+++ Data provided

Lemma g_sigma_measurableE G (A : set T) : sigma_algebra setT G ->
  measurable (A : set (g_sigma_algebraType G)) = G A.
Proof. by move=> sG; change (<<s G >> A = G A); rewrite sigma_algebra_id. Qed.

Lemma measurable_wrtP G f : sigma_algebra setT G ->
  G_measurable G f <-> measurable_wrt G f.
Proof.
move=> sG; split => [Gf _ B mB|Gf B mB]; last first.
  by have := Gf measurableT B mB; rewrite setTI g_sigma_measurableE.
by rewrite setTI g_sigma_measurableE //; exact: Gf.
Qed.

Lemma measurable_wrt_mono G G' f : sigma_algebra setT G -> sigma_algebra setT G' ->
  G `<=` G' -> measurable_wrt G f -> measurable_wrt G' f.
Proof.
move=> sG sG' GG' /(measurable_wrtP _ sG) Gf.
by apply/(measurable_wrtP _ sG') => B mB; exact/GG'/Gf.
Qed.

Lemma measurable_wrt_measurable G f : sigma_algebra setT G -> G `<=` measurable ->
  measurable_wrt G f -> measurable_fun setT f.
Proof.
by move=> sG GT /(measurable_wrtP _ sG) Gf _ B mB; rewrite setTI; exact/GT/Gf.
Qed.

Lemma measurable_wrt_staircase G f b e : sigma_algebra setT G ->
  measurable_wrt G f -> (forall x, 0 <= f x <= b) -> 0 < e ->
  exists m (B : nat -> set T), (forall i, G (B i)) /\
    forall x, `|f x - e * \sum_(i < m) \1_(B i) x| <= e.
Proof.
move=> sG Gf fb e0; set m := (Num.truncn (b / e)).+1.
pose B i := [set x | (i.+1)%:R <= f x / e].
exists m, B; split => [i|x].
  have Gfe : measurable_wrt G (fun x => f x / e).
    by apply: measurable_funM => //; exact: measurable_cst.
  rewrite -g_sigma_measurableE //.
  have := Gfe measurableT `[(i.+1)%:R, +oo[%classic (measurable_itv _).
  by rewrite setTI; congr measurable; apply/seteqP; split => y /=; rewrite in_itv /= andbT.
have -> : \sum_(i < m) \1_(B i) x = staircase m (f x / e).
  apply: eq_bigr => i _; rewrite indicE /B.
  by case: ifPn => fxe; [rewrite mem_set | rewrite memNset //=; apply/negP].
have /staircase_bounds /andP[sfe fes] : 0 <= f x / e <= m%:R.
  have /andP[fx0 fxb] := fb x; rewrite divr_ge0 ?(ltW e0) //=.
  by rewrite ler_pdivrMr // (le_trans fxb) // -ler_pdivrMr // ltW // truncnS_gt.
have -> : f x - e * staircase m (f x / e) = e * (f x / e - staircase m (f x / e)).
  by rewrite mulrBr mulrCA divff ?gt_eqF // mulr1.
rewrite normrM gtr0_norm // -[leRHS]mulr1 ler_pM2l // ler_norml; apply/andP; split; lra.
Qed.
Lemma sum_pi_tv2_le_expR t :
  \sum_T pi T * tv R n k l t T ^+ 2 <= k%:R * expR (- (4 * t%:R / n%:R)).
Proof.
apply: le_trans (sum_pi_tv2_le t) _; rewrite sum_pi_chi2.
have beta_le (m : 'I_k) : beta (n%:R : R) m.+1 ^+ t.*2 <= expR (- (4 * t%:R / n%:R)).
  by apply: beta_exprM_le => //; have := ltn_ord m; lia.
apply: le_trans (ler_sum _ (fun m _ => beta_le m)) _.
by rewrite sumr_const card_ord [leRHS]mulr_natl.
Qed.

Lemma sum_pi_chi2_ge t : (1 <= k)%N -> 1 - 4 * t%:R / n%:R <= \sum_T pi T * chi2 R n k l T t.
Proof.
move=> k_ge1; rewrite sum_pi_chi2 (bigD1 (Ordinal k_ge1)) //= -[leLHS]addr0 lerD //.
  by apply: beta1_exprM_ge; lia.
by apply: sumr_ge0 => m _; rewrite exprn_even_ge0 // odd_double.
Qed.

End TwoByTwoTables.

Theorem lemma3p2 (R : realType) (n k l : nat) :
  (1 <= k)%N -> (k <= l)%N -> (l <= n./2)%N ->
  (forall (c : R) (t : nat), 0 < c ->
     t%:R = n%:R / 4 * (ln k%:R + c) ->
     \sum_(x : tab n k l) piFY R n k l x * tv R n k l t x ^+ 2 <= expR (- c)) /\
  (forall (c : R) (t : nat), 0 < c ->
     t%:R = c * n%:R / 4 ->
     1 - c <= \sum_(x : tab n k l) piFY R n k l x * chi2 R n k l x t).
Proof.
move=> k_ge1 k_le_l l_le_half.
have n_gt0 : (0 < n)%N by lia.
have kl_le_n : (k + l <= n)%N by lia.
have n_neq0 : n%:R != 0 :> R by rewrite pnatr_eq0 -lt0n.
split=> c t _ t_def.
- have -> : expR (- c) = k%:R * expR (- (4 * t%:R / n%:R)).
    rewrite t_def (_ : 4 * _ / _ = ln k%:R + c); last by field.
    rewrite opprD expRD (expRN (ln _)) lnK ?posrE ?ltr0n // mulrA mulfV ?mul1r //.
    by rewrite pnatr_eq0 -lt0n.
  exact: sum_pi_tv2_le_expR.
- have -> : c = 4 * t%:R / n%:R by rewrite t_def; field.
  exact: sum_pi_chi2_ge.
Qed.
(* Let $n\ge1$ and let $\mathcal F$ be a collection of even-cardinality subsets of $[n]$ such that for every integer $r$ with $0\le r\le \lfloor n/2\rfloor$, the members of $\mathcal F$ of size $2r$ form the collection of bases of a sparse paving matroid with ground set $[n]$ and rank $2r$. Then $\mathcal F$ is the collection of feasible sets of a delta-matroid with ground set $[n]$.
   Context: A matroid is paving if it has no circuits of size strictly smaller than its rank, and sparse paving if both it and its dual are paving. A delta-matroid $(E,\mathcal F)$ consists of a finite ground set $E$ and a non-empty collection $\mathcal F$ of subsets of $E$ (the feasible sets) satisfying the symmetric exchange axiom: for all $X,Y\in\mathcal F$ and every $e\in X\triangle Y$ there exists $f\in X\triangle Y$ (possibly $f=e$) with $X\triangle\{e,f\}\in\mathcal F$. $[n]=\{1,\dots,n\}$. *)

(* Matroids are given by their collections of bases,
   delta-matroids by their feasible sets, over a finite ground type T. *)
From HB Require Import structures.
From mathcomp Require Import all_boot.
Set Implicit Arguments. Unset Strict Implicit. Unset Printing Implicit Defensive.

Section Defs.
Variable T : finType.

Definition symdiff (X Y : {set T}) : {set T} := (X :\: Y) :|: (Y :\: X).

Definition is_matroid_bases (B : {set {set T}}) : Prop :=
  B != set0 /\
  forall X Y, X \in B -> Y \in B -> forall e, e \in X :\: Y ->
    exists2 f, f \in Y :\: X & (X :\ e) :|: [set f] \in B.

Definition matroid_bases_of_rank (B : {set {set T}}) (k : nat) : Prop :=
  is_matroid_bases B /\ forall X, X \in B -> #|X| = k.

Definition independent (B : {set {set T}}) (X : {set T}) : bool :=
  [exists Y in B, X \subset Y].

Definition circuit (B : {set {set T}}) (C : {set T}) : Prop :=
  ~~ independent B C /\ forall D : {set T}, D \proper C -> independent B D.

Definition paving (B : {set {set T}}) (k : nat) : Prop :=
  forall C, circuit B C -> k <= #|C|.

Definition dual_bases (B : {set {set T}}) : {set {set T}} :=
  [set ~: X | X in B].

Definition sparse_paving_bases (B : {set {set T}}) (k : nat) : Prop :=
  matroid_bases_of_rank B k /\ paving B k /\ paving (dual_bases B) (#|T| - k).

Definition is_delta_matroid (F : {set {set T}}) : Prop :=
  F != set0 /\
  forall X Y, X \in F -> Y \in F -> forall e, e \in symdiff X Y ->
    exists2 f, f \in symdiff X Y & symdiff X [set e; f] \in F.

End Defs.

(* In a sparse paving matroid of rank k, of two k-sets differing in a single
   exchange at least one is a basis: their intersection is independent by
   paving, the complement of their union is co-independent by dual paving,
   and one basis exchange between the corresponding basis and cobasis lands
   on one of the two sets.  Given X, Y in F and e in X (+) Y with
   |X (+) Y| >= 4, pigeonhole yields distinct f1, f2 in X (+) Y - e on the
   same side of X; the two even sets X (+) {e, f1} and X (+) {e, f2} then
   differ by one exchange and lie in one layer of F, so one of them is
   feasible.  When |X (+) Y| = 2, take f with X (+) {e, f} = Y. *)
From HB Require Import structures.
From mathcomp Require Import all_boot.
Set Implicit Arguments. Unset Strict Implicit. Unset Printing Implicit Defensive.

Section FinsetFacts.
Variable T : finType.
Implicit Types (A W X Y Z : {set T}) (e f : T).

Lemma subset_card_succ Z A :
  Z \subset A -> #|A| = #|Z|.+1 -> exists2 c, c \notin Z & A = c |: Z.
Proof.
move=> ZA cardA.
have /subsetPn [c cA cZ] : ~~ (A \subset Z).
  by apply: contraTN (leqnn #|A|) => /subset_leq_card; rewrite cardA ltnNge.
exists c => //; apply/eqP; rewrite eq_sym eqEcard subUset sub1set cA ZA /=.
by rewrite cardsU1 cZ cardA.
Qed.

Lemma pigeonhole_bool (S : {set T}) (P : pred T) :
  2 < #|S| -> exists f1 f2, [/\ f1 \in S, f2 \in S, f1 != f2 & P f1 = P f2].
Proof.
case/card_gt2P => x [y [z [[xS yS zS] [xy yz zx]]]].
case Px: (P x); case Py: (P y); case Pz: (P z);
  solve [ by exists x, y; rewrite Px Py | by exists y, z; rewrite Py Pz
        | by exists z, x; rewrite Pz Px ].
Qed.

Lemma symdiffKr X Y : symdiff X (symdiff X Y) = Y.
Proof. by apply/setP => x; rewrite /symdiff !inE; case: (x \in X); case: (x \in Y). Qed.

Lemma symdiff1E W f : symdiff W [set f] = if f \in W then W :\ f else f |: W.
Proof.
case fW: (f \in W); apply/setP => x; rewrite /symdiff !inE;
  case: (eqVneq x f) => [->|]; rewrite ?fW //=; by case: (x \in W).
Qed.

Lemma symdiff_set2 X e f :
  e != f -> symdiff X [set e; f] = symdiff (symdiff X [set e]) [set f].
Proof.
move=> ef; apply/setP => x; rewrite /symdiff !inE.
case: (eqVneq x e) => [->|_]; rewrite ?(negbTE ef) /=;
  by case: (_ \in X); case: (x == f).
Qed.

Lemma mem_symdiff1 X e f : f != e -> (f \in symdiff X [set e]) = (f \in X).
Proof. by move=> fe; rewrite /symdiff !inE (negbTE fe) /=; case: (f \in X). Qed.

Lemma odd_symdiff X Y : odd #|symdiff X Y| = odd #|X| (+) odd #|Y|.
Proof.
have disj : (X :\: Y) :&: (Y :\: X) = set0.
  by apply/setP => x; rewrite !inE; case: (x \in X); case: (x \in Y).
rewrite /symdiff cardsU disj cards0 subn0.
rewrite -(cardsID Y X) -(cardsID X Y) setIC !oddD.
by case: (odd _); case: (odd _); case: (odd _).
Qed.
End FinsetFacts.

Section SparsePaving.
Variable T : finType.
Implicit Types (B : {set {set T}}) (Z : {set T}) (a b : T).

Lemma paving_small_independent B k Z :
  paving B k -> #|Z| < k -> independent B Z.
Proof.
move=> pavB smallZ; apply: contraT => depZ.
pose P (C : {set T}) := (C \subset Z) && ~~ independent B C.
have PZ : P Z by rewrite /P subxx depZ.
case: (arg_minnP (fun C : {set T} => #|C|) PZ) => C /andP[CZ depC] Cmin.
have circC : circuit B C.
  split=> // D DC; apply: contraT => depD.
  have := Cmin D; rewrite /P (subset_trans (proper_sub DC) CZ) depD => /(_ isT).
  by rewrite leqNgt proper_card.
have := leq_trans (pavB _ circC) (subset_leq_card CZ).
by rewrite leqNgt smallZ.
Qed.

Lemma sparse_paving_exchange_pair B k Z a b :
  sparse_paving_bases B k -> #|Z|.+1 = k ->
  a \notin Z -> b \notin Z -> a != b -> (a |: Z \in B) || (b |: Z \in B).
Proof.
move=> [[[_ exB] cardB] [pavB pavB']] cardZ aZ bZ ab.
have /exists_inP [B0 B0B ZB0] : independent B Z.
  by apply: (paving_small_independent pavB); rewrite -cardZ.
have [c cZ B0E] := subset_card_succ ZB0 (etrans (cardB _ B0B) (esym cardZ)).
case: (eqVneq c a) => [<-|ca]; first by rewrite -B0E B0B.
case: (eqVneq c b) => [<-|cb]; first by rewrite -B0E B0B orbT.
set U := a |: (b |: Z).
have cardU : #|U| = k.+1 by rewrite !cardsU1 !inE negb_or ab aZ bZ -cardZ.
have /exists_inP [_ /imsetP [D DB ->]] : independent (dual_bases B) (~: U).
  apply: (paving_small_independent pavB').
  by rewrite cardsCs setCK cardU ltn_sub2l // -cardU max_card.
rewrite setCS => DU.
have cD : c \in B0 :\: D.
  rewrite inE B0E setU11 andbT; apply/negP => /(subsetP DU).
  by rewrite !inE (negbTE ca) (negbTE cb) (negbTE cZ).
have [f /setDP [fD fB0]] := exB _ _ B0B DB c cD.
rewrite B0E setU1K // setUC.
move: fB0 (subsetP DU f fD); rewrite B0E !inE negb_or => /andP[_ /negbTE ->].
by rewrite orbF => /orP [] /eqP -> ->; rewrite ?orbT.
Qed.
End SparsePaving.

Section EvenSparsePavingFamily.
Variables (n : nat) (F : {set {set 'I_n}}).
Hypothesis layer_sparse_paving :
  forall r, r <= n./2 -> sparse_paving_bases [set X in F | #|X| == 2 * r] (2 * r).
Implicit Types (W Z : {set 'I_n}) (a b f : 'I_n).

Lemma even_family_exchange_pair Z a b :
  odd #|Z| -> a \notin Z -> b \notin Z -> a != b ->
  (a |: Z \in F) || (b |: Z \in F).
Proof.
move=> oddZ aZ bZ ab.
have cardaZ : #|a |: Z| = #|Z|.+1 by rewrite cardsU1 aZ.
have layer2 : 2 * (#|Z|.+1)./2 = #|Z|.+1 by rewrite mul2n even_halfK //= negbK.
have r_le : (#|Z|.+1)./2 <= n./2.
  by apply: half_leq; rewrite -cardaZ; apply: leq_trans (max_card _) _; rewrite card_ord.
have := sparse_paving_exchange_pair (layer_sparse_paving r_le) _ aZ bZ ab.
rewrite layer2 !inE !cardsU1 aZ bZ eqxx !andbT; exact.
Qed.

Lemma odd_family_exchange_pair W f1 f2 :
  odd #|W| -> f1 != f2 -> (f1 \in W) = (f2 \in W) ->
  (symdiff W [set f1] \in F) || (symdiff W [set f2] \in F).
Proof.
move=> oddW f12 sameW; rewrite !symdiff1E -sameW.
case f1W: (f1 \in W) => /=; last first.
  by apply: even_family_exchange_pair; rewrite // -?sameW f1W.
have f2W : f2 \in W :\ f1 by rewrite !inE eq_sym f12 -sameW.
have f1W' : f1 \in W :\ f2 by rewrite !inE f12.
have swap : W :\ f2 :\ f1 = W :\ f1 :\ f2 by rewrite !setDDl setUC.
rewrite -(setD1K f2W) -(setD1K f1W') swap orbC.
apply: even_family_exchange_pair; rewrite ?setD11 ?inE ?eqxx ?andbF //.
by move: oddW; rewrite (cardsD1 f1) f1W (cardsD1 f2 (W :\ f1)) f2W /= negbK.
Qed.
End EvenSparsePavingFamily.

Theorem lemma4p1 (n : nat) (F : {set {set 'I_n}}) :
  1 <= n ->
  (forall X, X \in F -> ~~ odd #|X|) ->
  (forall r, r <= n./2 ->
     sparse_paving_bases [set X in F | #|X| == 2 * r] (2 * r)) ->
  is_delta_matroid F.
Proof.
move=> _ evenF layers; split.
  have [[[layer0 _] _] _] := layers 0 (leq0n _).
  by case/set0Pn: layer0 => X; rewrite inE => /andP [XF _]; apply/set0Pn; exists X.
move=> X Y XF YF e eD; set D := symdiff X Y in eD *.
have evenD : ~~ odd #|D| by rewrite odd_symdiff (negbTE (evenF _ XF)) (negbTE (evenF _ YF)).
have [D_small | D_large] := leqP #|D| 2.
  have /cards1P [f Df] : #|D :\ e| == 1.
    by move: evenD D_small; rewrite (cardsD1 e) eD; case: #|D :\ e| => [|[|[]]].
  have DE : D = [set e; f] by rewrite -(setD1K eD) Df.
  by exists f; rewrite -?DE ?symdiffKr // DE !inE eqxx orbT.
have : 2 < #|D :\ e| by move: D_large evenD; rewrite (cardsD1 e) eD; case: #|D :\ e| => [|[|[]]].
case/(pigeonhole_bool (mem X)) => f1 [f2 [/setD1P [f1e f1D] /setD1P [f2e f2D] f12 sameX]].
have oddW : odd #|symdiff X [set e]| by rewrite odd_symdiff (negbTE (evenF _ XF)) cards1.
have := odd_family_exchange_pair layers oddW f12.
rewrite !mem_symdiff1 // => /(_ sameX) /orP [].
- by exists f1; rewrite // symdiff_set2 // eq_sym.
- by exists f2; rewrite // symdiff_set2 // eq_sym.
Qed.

++++++

Requirement:
Wherever the line holding "have DE : D" falls in the entries above, copy exactly from it through the line holding "case/(pigeonhole_bool (mem X))", inclusive, and add nothing.

Answer for this exercise:
  have DE : D = [set e; f] by rewrite -(setD1K eD) Df.
  by exists f; rewrite -?DE ?symdiffKr // DE !inE eqxx orbT.
have : 2 < #|D :\ e| by move: D_large evenD; rewrite (cardsD1 e) eD; case: #|D :\ e| => [|[|[]]].
case/(pigeonhole_bool (mem X)) => f1 [f2 [/setD1P [f1e f1D] /setD1P [f2e f2D] f12 sameX]].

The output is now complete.